■ What to do: Take from the data every line in which the word "Require" is found.

■ Records supplied:

Lemma cache_bound_in_rate (R : realType) (K : nat) (M N : R) :
  0 < M -> 0 < N -> (0 < K)%N ->
  let t := K%:R * M / N in
  N / M / (2 * K%:R) * (1 - 1 / (N / M)) * expR (2 * t * (1 - t / K%:R) * (1 - 1 / K%:R))
  = 1 / (M / N) / (2 * K%:R) * (1 - M / N) * expR (2 * (M / N * (1 - M / N)) * (K%:R - 1)).
Proof.
move=> M0 N0 K0 t; have Kn : (K%:R : R) != 0 by rewrite pnatr_eq0 -lt0n.
congr (_ * _ * expR _); rewrite /t; field; by rewrite ?Kn !gt_eqF.
Qed.

Theorem theorem5 (R : realType) (N K F L : nat) (M : R)
  (d : 'I_K -> 'I_N)
  (hNK : (K < N)%N) (hK : (0 < K)%N) (hF : (0 < F)%N)
  (hM0 : 0 < M) (hMN : M <= N%:R)
  (hL : M * F%:R / N%:R = L%:R)
  (hd : injective d)
  (hFbound : let t := K%:R * M / N%:R in
     F%:R <= (N%:R / M) / (2 * K%:R) * (1 - 1 / (N%:R / M))
             * expR (2 * t * (1 - t / K%:R) * (1 - 1 / K%:R))) :
  expected_Rnd R F L d >= 1 / 2 * (1 - M / N%:R) * K%:R.
Proof.
have N0 : (0 : R) < N%:R by rewrite ltr0n (ltn_trans hK hNK).
have F0 : (0 : R) < F%:R by rewrite ltr0n.
set p := M / N%:R.
have p0 : 0 < p by rewrite divr_gt0.
have p1 : p <= 1 by rewrite ler_pdivrMr // mul1r.
have hp : L%:R / F%:R = p by rewrite -hL mulrAC mulfK ?gt_eqF.
have leLF : (L <= F)%N.
  by rewrite -(ler_nat R) -(divfK (lt0r_neq0 F0) L%:R) hp ler_piMl // ltW.
move: hFbound; rewrite /= cache_bound_in_rate // -/p => FB.
have := overlap_mass_le p0 p1 (ltW F0) FB.
have := expected_Rnd_ge R hd leLF hF; rewrite hp.
lra.
Qed.
(* Let $\Gamma$ be a finite connected non-bipartite tetravalent $G$-half-arc-transitive graph (for some $G\le\mathrm{Aut}(\Gamma)$) of order greater than $12$, with $\mathrm{rad}_G(\Gamma)=3$ and $\mathrm{att}_G(\Gamma)=2$. Then there exist a $2$-fold covering projection $\wp\colon\Gamma\to\Gamma'$ and an arc-transitive group $H\le\mathrm{Aut}(\Gamma')$ which lifts along $\wp$ in such a way that $\wp$ is $H$-split and non-sectional (i.e. $\Gamma$ is a non-sectional $H$-split cover of $\Gamma'$).
   Context: All graphs are finite and simple. For a tetravalent graph $\Gamma$ and $G\le \mathrm{Aut}(\Gamma)$, $\Gamma$ is $G$-half-arc-transitive if $G$ acts transitively on vertices and edges but not on arcs; then the $G$-orbits on arcs give two paired orientations of the edges, each vertex being tail of two and head of two incident edges. A $G$-alternating cycle is a cycle in which every two consecutive edges have a common head or a common tail. All have length $2\,\mathrm{rad}_G(\Gamma)$, and any two sharing a vertex meet in $\mathrm{att}_G(\Gamma)$ vertices. A covering projection $\wp\colon\tilde\Gamma\to\Gamma'$ of connected graphs is a surjective graph homomorphism mapping the neighbourhood of each vertex bijectively onto the neighbourhood of its image; it is $2$-fold if every fibre $\wp^{-1}(x)$ has size $2$. The group $\mathrm{CT}(\wp)$ of covering transformations consists of the automorphisms $\gamma$ of $\tilde\Gamma$ with $\wp\gamma=\wp$. A group $H\le\mathrm{Aut}(\Gamma')$ lifts along $\wp$ if every $h\in H$ has a lift, i.e. some $\tilde h\in\mathrm{Aut}(\tilde\Gamma)$ with $\wp\tilde h=h\wp$; the lifted group $\tilde H$ is the group of all lifts of elements of $H$, and it is an extension of $\mathrm{CT}(\wp)$ by $H$. The projection is $H$-split if $\mathrm{CT}(\wp)$ has a complement $\bar H$ in $\tilde H$. Such a complement is sectional if there is a $\bar H$-invariant set $S\subseteq V(\tilde\Gamma)$ meeting each fibre of $\wp$ in exactly one vertex. An $H$-split covering projection is non-sectional if no complement of $\mathrm{CT}(\wp)$ in $\tilde H$ is sectional. *)

From mathcomp Require Import all_boot all_order all_fingroup.
From mathcomp Require Import gproduct.
Set Implicit Arguments. Unset Strict Implicit. Unset Printing Implicit Defensive.

Section Graphs.
Variable T : finType.
Implicit Types (e : rel T) (G : {set {perm T}}).

Definition simple_graph e := symmetric e /\ irreflexive e.

Definition GAut e : {set {perm T}} :=
  [set g : {perm T} | [forall x, forall y, e (g x) (g y) == e x y]].

Definition tetravalent e := forall x, #|[set y | e x y]| = 4.

Definition connected_graph e := forall x y, connect e x y.

Definition bipartite e := exists c : T -> bool, forall x y, e x y -> c x != c y.

Definition vertex_transitive G := forall x y, exists2 g, g \in G & g x = y.

Definition edge_transitive G e :=
  forall x y u v, e x y -> e u v ->
    exists2 g, g \in G & (g x = u /\ g y = v) \/ (g x = v /\ g y = u).

Definition arc_transitive G e :=
  forall x y u v, e x y -> e u v -> exists2 g, g \in G & g x = u /\ g y = v.

Definition half_arc_transitive G e :=
  [/\ vertex_transitive G, edge_transitive G e & ~ arc_transitive G e].

(* the orientation given by the G-orbit of the arc (x0,y0): D x y means the
   edge {x,y} is oriented with tail x and head y *)
Definition orient G (x0 y0 : T) (x y : T) : bool :=
  [exists g in G, (g x0 == x) && (g y0 == y)].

■ Exercise output:
From mathcomp Require Import all_boot all_order all_fingroup.
From mathcomp Require Import gproduct.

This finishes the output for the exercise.